BEGIN Provided data

(* Let $\mathrm{S}$ be an associative semicopula (i.e. $\mathrm{S}(\mathrm{S}(x,y),z)=\mathrm{S}(x,\mathrm{S}(y,z))$ for all $x,y,z\in[0,1]$) such that for every $a\in(0,1)$ the function $x\mapsto\mathrm{S}(a,x)$ on $[0,1]$ is strictly increasing and left-continuous, and its discontinuity points are isolated in the sense that for every discontinuity point $z$ of $x\mapsto\mathrm{S}(a,x)$ there is $\varepsilon>0$ such that $x\mapsto\mathrm{S}(a,x)$ is continuous on $(z,z+\varepsilon)$. Then for every measurable space $(X,\mathcal{A})$, every capacity $\mu$ on $\mathcal{A}$ that is continuous from below, every $\mathcal{A}$-measurable $f\colon X\to[0,1]$ and every $a\in[0,1]$, $$\mathbf{I}_{\mathrm{S}}\big(\mu,\mathrm{S}(a,f)\big)=\mathrm{S}\big(a,\mathbf{I}_{\mathrm{S}}(\mu,f)\big),$$ where $\mathrm{S}(a,f)$ denotes the function $x\mapsto\mathrm{S}(a,f(x))$.
   Context: A semicopula is a function $\mathrm{S}\colon[0,1]^2\to[0,1]$ that is non-decreasing in each coordinate and has neutral element $1$, i.e. $\mathrm{S}(x,1)=\mathrm{S}(1,x)=x$ for all $x\in[0,1]$. For a measurable space $(X,\mathcal{A})$ (with $X$ nonempty and $\mathcal{A}$ a $\sigma$-algebra), a capacity on $\mathcal{A}$ is a non-decreasing set function $\mu\colon\mathcal{A}\to[0,1]$ with $\mu(\emptyset)=0$ and $\mu(X)=1$; it is continuous from below if $\lim_{n\to\infty}\mu(A_n)=\mu\big(\bigcup_{k\ge1}A_k\big)$ whenever $A_1\subseteq A_2\subseteq\cdots$ are in $\mathcal{A}$. For a capacity $\mu$ and an $\mathcal{A}$-measurable $f\colon X\to[0,1]$, the generalized Sugeno integral is $$\mathbf{I}_{\mathrm{S}}(\mu,f)=\sup_{t\in[0,1]}\mathrm{S}\big(t,\mu(\{x\in X: f(x)\ge t\})\big).$$ *)

From Stdlib Require Import Reals Classical ClassicalEpsilon.
Open Scope R_scope.

Definition in01 (x : R) : Prop := 0 <= x <= 1.

(* Supremum of a set of reals (chosen least upper bound; 0 if none exists). *)
Definition Rsup (E : R -> Prop) : R :=
  epsilon (inhabits 0) (fun v => is_lub E v).

Definition semicopula (S : R -> R -> R) : Prop :=
  (forall x y, in01 x -> in01 y -> in01 (S x y)) /\
  (forall x1 x2 y, in01 x1 -> in01 x2 -> in01 y -> x1 <= x2 -> S x1 y <= S x2 y) /\
  (forall x y1 y2, in01 x -> in01 y1 -> in01 y2 -> y1 <= y2 -> S x y1 <= S x y2) /\
  (forall x, in01 x -> S x 1 = x /\ S 1 x = x).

END Provided data

The data above should be returned exactly as written.

(* Let $\mathrm{S}$ be an associative semicopula (i.e. $\mathrm{S}(\mathrm{S}(x,y),z)=\mathrm{S}(x,\mathrm{S}(y,z))$ for all $x,y,z\in[0,1]$) such that for every $a\in(0,1)$ the function $x\mapsto\mathrm{S}(a,x)$ on $[0,1]$ is strictly increasing and left-continuous, and its discontinuity points are isolated in the sense that for every discontinuity point $z$ of $x\mapsto\mathrm{S}(a,x)$ there is $\varepsilon>0$ such that $x\mapsto\mathrm{S}(a,x)$ is continuous on $(z,z+\varepsilon)$. Then for every measurable space $(X,\mathcal{A})$, every capacity $\mu$ on $\mathcal{A}$ that is continuous from below, every $\mathcal{A}$-measurable $f\colon X\to[0,1]$ and every $a\in[0,1]$, $$\mathbf{I}_{\mathrm{S}}\big(\mu,\mathrm{S}(a,f)\big)=\mathrm{S}\big(a,\mathbf{I}_{\mathrm{S}}(\mu,f)\big),$$ where $\mathrm{S}(a,f)$ denotes the function $x\mapsto\mathrm{S}(a,f(x))$.
   Context: A semicopula is a function $\mathrm{S}\colon[0,1]^2\to[0,1]$ that is non-decreasing in each coordinate and has neutral element $1$, i.e. $\mathrm{S}(x,1)=\mathrm{S}(1,x)=x$ for all $x\in[0,1]$. For a measurable space $(X,\mathcal{A})$ (with $X$ nonempty and $\mathcal{A}$ a $\sigma$-algebra), a capacity on $\mathcal{A}$ is a non-decreasing set function $\mu\colon\mathcal{A}\to[0,1]$ with $\mu(\emptyset)=0$ and $\mu(X)=1$; it is continuous from below if $\lim_{n\to\infty}\mu(A_n)=\mu\big(\bigcup_{k\ge1}A_k\big)$ whenever $A_1\subseteq A_2\subseteq\cdots$ are in $\mathcal{A}$. For a capacity $\mu$ and an $\mathcal{A}$-measurable $f\colon X\to[0,1]$, the generalized Sugeno integral is $$\mathbf{I}_{\mathrm{S}}(\mu,f)=\sup_{t\in[0,1]}\mathrm{S}\big(t,\mu(\{x\in X: f(x)\ge t\})\big).$$ *)

From Stdlib Require Import Reals Classical ClassicalEpsilon.
Open Scope R_scope.

Definition in01 (x : R) : Prop := 0 <= x <= 1.

(* Supremum of a set of reals (chosen least upper bound; 0 if none exists). *)
Definition Rsup (E : R -> Prop) : R :=
  epsilon (inhabits 0) (fun v => is_lub E v).

Definition semicopula (S : R -> R -> R) : Prop :=
  (forall x y, in01 x -> in01 y -> in01 (S x y)) /\
  (forall x1 x2 y, in01 x1 -> in01 x2 -> in01 y -> x1 <= x2 -> S x1 y <= S x2 y) /\
  (forall x y1 y2, in01 x -> in01 y1 -> in01 y2 -> y1 <= y2 -> S x y1 <= S x y2) /\
  (forall x, in01 x -> S x 1 = x /\ S 1 x = x).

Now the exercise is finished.